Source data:
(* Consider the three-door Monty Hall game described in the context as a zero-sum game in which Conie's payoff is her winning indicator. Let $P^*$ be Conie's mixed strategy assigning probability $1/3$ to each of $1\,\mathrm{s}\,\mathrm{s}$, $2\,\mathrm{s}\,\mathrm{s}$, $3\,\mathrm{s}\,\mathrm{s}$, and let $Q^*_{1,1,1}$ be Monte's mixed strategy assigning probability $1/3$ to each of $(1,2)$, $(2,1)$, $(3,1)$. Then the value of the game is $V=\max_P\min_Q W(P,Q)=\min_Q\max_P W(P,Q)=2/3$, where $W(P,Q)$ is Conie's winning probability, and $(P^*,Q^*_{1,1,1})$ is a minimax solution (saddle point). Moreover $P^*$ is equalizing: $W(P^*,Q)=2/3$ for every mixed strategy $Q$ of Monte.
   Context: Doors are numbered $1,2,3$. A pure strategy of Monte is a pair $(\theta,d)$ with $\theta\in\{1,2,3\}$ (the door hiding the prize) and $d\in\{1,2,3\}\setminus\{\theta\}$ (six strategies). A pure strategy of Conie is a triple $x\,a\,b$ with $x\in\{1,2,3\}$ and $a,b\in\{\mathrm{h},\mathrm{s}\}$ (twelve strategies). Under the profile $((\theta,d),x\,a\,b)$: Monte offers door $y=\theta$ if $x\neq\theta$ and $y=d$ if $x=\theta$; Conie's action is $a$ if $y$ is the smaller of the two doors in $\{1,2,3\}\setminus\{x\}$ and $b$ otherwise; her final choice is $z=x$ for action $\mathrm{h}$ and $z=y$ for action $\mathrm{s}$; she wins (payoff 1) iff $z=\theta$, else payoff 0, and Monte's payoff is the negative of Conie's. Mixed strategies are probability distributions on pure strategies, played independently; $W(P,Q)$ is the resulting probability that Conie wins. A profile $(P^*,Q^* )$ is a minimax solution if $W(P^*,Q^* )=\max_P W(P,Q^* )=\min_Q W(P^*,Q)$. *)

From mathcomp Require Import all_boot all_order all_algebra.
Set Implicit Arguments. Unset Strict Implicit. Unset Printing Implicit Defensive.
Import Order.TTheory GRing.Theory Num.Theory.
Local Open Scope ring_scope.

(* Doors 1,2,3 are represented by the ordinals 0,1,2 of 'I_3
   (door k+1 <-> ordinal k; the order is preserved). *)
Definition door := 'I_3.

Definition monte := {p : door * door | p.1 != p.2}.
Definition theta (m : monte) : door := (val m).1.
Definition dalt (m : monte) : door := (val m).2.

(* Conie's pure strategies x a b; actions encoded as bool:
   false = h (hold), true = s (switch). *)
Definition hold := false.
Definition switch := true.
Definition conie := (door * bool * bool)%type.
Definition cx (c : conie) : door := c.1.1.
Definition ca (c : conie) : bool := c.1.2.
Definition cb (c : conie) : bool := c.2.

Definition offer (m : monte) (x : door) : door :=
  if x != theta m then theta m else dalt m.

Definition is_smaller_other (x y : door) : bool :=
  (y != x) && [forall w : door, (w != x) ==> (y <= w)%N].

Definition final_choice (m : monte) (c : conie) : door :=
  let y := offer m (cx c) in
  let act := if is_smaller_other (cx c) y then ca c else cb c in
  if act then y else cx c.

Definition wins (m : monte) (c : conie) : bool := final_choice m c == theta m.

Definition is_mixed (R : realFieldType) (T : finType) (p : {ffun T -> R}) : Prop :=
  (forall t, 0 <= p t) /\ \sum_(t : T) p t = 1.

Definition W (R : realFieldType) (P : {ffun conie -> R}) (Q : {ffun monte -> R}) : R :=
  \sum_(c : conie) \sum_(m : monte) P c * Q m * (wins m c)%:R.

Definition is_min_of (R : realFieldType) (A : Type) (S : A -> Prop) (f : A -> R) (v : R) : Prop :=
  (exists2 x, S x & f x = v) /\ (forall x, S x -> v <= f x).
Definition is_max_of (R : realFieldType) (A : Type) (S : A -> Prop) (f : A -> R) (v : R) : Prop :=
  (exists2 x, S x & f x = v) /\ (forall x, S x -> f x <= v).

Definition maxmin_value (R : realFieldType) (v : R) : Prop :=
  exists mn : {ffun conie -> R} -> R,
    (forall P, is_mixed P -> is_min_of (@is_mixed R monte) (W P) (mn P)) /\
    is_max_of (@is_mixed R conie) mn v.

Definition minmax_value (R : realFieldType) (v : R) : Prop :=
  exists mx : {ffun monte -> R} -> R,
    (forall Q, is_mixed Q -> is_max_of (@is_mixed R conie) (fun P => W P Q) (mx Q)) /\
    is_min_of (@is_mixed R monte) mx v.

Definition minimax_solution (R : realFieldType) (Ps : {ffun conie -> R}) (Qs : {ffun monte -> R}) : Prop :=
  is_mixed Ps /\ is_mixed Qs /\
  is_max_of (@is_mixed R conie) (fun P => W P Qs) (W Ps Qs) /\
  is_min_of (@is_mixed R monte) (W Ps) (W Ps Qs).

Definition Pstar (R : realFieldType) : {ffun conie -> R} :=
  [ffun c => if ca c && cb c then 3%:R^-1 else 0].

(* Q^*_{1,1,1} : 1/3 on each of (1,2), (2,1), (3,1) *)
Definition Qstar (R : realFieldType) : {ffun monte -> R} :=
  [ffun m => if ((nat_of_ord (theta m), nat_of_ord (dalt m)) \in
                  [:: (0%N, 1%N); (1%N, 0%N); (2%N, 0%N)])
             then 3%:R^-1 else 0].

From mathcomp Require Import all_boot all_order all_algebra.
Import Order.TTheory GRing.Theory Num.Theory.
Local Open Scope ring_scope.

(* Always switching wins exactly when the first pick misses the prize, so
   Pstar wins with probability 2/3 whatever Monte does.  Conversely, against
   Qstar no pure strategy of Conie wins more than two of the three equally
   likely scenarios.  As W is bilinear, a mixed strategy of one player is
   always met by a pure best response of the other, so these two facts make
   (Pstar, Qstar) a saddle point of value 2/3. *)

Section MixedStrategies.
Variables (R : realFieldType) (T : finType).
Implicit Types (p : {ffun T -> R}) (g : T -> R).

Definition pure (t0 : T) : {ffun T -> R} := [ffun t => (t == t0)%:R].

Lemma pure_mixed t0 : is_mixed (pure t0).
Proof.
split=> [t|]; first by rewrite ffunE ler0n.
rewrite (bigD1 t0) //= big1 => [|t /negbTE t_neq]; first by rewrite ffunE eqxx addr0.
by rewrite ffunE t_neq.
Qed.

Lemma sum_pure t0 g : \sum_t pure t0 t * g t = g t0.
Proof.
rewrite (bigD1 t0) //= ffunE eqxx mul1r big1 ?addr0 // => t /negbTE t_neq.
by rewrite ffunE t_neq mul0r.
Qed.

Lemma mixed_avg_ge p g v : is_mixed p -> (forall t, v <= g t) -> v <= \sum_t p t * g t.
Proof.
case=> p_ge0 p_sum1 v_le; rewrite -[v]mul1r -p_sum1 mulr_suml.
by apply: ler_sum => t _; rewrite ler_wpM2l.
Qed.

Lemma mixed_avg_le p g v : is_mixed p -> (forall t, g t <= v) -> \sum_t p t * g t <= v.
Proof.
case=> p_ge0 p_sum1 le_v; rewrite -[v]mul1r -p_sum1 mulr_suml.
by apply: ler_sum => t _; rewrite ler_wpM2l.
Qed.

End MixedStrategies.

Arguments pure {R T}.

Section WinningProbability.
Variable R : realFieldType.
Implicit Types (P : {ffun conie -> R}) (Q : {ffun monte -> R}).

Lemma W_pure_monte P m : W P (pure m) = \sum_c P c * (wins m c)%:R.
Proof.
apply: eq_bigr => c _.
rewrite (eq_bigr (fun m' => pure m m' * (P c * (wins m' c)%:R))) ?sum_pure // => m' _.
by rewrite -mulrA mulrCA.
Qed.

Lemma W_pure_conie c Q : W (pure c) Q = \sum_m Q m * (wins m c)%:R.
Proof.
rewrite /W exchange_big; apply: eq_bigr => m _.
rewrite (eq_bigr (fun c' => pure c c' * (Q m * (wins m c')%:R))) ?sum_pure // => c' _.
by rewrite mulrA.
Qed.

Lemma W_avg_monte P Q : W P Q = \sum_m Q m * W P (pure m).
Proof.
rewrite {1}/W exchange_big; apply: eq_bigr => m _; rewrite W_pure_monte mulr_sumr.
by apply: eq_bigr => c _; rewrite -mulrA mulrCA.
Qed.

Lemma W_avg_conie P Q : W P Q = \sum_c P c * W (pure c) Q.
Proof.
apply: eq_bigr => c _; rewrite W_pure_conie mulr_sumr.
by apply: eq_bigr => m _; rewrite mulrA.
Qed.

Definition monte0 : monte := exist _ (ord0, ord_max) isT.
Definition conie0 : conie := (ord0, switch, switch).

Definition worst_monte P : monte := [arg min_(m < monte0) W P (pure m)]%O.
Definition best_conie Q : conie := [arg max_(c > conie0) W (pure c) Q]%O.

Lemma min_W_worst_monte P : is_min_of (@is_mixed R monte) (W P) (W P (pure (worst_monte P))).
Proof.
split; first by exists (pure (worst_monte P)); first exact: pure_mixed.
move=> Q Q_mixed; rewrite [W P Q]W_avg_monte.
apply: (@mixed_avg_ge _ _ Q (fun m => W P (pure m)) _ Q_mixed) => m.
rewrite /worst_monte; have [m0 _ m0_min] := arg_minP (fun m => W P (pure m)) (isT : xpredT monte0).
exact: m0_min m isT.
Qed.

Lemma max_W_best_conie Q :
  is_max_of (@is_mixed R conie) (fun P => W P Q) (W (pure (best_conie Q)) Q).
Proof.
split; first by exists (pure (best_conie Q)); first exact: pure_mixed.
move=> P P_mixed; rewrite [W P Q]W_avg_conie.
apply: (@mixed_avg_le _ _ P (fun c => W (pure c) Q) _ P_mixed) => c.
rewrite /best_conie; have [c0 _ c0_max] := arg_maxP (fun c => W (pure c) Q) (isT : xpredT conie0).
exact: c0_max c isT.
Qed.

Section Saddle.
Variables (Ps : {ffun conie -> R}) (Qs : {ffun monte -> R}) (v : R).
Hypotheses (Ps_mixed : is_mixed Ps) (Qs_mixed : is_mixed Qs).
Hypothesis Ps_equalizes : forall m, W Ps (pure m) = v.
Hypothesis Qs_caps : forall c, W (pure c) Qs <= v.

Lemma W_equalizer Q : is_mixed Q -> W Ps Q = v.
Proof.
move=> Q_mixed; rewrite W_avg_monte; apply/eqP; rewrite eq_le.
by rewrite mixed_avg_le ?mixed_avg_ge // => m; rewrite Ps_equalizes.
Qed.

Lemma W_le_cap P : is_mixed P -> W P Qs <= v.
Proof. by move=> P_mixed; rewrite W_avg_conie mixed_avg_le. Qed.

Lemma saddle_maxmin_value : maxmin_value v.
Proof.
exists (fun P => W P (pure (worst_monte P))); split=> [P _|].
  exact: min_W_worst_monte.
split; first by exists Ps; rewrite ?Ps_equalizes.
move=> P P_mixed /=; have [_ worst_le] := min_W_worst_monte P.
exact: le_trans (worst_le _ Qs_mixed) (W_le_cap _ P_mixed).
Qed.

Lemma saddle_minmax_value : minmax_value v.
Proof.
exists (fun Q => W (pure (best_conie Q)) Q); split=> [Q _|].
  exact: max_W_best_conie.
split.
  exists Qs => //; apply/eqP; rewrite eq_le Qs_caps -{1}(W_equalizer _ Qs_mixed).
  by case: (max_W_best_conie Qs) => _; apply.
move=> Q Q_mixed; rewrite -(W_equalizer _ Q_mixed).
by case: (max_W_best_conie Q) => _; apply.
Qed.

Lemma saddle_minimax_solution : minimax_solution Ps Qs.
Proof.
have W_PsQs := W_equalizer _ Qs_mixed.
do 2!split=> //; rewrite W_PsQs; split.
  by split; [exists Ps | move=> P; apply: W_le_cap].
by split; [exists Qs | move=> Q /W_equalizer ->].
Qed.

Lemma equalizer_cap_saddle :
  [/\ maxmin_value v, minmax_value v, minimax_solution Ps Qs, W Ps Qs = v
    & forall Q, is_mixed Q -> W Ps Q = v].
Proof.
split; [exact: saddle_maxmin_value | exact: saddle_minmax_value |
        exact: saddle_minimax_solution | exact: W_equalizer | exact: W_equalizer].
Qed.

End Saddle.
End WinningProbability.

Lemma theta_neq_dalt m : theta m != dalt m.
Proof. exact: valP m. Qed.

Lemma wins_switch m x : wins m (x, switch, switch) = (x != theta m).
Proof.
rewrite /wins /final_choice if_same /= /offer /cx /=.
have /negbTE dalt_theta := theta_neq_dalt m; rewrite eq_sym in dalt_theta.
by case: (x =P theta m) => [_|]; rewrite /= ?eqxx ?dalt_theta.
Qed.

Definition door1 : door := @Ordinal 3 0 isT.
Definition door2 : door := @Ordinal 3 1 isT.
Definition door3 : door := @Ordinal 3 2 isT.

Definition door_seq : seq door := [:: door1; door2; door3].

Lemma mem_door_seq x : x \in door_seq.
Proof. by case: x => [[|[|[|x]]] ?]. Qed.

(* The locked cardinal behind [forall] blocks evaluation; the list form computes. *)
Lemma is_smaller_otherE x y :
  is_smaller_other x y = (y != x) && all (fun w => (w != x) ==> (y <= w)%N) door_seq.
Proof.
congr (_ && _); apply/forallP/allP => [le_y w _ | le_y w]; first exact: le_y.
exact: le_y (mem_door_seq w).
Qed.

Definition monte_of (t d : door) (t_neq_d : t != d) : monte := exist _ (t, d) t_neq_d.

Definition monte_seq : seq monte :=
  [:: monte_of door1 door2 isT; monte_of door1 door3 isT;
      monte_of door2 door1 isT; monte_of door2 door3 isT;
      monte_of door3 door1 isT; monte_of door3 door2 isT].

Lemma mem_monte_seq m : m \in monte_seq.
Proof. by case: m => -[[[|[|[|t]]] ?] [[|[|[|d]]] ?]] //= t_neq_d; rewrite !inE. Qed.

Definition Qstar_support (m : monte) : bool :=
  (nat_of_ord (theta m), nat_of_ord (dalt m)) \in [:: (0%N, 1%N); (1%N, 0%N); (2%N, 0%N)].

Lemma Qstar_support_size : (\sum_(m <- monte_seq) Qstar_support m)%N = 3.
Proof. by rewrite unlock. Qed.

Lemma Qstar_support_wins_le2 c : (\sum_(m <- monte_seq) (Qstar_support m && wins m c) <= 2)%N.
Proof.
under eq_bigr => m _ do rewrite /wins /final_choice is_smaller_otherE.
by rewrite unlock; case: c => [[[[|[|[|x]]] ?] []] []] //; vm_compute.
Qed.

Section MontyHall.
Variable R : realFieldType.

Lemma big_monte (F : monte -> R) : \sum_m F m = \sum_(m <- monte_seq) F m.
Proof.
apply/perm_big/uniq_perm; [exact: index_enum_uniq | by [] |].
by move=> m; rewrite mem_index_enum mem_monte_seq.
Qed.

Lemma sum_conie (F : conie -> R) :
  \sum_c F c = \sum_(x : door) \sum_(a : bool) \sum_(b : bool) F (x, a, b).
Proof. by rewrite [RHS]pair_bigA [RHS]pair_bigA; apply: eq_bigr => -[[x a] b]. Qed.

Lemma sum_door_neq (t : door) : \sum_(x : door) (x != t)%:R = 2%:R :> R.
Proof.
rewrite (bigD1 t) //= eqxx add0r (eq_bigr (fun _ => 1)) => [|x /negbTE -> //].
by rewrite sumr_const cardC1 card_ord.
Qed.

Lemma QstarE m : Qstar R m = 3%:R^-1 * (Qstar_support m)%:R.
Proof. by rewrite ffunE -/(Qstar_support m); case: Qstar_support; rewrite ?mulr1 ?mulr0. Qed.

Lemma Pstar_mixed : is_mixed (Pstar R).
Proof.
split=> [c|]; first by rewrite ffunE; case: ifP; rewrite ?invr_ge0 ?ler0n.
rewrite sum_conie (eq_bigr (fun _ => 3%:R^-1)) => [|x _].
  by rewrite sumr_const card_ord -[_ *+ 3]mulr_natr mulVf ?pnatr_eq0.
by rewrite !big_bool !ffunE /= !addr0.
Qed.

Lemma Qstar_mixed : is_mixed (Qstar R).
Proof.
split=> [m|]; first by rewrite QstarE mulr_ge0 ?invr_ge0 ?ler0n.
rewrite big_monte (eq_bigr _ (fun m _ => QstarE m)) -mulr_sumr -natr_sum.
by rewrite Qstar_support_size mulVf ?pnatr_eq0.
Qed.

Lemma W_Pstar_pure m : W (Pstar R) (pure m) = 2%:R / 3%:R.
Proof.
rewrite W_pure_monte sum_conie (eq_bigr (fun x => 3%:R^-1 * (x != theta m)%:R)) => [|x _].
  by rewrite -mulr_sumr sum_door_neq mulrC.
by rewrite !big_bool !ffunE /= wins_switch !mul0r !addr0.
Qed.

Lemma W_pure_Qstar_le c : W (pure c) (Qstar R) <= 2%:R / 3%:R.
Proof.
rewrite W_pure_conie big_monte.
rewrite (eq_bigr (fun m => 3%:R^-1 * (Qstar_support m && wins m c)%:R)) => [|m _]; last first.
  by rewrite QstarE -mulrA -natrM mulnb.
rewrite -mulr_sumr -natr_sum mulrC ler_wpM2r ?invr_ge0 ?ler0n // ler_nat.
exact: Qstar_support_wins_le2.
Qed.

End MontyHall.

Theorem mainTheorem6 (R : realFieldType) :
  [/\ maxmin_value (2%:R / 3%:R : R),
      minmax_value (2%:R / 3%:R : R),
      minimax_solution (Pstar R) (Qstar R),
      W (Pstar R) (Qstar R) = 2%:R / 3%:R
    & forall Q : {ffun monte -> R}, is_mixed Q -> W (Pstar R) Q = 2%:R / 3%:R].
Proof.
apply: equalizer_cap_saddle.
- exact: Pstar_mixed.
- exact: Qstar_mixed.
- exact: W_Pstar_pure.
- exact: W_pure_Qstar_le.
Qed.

Your objective: All lines in the records above that contain "Arguments" are to be reported.

Answer space:
Set Implicit Arguments. Unset Strict Implicit. Unset Printing Implicit Defensive.
Arguments pure {R T}.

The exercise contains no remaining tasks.